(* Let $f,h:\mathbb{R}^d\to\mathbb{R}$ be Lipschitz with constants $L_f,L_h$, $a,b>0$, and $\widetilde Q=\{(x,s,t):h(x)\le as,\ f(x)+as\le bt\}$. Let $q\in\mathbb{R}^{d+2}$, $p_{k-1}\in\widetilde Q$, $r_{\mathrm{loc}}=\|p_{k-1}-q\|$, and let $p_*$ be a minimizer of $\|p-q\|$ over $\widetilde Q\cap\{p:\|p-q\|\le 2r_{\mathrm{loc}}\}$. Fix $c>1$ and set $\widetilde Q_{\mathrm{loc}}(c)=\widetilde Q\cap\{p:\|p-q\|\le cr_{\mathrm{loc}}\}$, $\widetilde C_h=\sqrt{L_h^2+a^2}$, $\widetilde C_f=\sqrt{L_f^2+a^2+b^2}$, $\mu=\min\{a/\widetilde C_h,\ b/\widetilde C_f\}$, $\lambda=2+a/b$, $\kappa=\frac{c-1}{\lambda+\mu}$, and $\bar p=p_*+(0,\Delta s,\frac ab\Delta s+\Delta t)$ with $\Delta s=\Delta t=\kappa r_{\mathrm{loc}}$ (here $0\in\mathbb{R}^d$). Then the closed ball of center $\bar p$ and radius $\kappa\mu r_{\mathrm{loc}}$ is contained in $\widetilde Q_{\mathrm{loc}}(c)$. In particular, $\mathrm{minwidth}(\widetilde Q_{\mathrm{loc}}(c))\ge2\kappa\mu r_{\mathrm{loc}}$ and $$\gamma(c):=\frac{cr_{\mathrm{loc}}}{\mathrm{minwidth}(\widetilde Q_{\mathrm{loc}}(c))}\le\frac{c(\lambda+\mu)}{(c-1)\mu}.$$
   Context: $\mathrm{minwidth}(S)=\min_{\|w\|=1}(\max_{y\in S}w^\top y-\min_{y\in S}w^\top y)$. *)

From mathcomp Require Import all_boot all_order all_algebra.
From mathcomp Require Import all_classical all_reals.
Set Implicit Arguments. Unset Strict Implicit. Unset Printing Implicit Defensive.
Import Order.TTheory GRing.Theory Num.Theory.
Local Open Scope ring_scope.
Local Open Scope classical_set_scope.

☆ ☆ ☆ ☆ ☆

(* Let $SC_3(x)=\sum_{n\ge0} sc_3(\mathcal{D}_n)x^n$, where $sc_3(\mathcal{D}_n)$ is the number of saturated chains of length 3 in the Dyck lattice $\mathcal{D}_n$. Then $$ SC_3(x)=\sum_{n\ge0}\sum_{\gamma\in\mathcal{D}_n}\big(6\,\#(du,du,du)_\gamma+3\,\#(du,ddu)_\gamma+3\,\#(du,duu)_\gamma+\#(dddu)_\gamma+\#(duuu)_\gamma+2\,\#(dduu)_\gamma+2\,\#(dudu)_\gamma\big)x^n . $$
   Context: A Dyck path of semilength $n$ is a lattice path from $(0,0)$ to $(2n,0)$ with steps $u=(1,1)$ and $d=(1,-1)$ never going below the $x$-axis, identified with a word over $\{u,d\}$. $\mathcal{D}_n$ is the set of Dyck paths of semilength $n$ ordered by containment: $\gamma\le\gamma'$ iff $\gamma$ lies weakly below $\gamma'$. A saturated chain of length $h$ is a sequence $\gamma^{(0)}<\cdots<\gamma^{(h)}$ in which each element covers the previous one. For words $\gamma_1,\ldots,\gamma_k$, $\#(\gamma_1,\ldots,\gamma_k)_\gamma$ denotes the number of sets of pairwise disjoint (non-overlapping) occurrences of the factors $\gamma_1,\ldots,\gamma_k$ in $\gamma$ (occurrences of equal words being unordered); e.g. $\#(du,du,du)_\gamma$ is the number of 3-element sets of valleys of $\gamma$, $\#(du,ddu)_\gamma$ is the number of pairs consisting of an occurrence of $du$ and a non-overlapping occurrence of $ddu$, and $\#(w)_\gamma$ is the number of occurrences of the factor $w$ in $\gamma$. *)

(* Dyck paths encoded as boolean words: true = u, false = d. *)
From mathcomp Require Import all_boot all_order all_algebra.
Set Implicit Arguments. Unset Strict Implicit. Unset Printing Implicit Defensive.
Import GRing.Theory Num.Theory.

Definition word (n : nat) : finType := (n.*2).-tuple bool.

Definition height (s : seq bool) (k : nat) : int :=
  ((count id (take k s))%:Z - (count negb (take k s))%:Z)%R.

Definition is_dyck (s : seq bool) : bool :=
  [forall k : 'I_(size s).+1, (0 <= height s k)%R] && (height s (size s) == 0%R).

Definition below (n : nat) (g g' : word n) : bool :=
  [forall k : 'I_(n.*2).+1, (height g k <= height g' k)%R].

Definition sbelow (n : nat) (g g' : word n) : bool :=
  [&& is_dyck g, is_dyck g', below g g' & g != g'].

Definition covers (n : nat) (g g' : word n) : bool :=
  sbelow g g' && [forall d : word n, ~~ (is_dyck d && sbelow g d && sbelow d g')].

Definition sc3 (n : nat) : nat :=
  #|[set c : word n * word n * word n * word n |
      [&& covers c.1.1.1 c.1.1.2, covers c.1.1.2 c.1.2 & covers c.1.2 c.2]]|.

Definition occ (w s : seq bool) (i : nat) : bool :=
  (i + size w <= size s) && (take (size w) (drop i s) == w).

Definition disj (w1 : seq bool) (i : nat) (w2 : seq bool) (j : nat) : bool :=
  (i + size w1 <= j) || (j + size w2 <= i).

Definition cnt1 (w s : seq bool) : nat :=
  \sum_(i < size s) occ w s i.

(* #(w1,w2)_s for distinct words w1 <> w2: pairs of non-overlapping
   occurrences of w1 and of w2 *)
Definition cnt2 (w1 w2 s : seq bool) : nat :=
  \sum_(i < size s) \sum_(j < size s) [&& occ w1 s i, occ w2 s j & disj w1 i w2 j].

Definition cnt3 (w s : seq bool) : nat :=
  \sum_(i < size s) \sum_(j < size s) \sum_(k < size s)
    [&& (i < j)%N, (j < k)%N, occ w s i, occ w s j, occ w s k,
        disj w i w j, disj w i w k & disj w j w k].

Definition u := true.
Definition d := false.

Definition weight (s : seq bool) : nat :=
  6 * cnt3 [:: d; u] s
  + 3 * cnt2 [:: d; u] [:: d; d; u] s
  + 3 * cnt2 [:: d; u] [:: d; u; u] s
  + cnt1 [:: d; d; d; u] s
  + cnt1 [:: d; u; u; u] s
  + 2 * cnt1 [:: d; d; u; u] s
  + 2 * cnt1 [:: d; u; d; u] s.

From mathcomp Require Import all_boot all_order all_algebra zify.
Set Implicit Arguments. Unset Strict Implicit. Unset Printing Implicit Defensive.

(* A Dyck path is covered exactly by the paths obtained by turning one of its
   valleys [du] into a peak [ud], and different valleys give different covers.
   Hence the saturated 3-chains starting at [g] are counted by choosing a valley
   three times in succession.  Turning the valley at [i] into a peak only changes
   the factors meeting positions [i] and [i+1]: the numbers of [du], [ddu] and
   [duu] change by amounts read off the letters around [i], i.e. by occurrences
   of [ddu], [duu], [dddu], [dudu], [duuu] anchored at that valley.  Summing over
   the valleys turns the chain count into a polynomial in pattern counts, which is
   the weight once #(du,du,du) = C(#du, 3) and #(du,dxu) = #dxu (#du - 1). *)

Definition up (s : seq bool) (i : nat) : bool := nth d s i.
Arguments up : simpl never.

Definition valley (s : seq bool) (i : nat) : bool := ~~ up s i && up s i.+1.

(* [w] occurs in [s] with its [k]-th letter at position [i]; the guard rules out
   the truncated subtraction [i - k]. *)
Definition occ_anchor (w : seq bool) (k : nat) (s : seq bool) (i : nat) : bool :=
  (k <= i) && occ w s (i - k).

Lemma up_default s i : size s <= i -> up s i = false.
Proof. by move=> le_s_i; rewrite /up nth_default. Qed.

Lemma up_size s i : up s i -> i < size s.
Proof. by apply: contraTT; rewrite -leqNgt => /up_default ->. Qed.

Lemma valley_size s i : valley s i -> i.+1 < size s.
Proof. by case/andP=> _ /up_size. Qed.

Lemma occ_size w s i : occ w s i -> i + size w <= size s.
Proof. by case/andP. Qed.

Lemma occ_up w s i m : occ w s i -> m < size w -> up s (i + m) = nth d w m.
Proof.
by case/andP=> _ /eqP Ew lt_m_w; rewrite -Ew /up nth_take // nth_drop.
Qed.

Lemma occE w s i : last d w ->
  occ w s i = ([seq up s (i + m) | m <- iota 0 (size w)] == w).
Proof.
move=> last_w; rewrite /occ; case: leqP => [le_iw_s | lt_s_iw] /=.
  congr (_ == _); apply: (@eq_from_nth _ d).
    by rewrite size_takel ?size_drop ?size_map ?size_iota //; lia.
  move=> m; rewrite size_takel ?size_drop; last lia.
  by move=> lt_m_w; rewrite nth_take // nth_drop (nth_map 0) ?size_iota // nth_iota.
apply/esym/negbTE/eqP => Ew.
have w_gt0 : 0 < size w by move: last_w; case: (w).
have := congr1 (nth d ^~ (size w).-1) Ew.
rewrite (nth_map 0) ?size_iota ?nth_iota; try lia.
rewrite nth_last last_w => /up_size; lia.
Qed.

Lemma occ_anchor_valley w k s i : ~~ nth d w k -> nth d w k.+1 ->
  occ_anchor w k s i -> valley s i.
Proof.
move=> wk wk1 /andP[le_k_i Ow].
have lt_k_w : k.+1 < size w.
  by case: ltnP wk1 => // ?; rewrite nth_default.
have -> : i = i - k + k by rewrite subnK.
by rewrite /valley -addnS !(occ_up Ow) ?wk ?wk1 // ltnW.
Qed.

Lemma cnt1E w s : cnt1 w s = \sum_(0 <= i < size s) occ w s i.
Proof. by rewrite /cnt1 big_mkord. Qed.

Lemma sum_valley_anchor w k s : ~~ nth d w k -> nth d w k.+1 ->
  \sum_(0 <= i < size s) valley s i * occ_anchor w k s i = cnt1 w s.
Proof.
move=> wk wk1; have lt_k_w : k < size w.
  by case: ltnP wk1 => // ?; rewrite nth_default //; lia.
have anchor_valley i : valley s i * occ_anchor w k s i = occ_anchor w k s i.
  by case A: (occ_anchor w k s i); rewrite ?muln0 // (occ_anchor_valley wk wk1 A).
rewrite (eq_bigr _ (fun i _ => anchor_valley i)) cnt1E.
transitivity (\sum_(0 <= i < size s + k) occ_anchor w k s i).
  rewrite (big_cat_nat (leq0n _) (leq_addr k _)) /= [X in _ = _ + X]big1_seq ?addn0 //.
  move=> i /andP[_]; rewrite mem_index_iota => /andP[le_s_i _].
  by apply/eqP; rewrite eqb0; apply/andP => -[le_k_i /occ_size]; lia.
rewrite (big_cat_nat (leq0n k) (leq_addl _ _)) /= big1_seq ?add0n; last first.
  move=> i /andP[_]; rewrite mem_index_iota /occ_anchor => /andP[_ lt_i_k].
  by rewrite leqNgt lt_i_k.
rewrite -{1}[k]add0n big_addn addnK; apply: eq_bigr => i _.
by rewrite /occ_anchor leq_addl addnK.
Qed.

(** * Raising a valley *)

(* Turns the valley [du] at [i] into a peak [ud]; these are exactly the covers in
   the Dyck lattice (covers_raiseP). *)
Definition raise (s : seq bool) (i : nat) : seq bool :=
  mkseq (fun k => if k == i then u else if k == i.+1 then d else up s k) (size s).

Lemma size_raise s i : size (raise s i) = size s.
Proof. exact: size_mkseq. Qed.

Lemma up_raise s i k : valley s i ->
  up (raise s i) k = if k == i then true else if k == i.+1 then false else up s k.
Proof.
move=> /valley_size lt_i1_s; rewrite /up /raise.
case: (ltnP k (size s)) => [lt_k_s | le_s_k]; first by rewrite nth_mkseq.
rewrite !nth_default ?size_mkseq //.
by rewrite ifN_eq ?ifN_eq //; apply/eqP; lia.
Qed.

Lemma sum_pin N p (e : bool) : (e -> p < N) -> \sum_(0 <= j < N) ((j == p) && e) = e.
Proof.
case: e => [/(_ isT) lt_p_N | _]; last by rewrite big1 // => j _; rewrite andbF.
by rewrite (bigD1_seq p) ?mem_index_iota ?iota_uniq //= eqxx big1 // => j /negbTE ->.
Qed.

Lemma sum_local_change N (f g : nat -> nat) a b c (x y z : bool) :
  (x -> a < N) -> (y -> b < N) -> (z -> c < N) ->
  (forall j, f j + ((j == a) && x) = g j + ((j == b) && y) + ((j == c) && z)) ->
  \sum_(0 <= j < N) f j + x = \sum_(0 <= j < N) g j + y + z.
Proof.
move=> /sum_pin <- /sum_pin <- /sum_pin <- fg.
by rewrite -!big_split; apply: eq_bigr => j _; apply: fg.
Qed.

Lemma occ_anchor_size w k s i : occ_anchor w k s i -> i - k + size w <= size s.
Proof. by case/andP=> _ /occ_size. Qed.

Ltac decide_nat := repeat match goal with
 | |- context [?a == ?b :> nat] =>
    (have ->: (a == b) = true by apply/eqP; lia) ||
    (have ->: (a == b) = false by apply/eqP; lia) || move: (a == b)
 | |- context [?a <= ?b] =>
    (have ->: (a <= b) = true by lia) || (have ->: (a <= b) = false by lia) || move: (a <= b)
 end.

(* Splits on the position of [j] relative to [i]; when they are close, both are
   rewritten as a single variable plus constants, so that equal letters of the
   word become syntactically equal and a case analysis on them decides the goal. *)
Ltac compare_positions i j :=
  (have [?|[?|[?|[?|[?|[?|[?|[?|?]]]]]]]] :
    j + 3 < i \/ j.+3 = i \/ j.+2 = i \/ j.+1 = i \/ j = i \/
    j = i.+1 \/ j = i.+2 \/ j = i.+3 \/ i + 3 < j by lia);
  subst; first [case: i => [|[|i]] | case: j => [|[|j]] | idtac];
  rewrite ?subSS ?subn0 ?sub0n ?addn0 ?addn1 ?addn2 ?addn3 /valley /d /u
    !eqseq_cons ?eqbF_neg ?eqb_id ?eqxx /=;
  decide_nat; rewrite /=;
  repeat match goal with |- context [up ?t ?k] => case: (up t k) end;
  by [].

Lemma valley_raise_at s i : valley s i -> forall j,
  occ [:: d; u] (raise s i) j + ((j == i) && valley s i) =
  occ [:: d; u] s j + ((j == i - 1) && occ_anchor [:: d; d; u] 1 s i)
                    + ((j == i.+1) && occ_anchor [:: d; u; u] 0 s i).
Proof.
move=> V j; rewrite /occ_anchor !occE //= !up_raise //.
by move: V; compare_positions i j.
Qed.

☆ ☆ ☆ ☆ ☆

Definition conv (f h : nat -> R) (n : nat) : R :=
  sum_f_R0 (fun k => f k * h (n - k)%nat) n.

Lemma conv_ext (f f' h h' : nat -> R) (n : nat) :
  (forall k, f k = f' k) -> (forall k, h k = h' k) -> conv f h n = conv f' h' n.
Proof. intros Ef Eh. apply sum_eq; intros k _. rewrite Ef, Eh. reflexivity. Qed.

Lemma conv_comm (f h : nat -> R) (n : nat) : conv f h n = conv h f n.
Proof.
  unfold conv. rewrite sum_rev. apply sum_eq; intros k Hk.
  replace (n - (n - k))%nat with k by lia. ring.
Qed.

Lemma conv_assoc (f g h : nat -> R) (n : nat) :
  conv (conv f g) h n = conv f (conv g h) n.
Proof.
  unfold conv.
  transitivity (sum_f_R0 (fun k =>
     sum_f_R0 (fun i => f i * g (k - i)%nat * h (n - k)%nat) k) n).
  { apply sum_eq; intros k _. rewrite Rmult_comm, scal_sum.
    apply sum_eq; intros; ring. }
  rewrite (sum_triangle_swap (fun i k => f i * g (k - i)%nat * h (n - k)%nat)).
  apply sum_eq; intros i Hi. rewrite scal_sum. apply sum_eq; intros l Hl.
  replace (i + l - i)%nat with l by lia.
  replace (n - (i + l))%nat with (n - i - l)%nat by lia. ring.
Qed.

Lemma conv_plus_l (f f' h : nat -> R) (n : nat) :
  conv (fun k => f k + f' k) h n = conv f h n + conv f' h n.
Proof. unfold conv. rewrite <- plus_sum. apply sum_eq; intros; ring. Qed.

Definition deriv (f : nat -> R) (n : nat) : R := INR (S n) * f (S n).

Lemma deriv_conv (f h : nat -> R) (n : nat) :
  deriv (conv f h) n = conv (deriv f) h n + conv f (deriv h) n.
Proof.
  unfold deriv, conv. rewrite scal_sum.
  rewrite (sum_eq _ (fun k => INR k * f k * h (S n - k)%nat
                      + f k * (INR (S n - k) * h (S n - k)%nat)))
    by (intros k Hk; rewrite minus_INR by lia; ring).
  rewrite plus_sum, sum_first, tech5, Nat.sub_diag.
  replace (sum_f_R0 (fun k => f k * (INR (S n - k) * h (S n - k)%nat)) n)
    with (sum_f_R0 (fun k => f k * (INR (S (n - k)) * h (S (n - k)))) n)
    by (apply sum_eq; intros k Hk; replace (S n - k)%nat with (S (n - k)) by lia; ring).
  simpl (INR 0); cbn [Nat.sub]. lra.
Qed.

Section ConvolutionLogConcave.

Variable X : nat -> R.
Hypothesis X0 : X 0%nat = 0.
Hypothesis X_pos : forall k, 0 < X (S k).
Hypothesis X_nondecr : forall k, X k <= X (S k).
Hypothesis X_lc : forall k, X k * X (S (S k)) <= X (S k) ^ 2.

☆ ☆ ☆ ☆ ☆

Could you filter the entries above for lines holding the string "Hypothesis" and copy them?

(SOLUTION FOR THIS TASK):
Hypothesis X0 : X 0%nat = 0.
Hypothesis X_pos : forall k, 0 < X (S k).
Hypothesis X_nondecr : forall k, X k <= X (S k).
Hypothesis X_lc : forall k, X k * X (S (S k)) <= X (S k) ^ 2.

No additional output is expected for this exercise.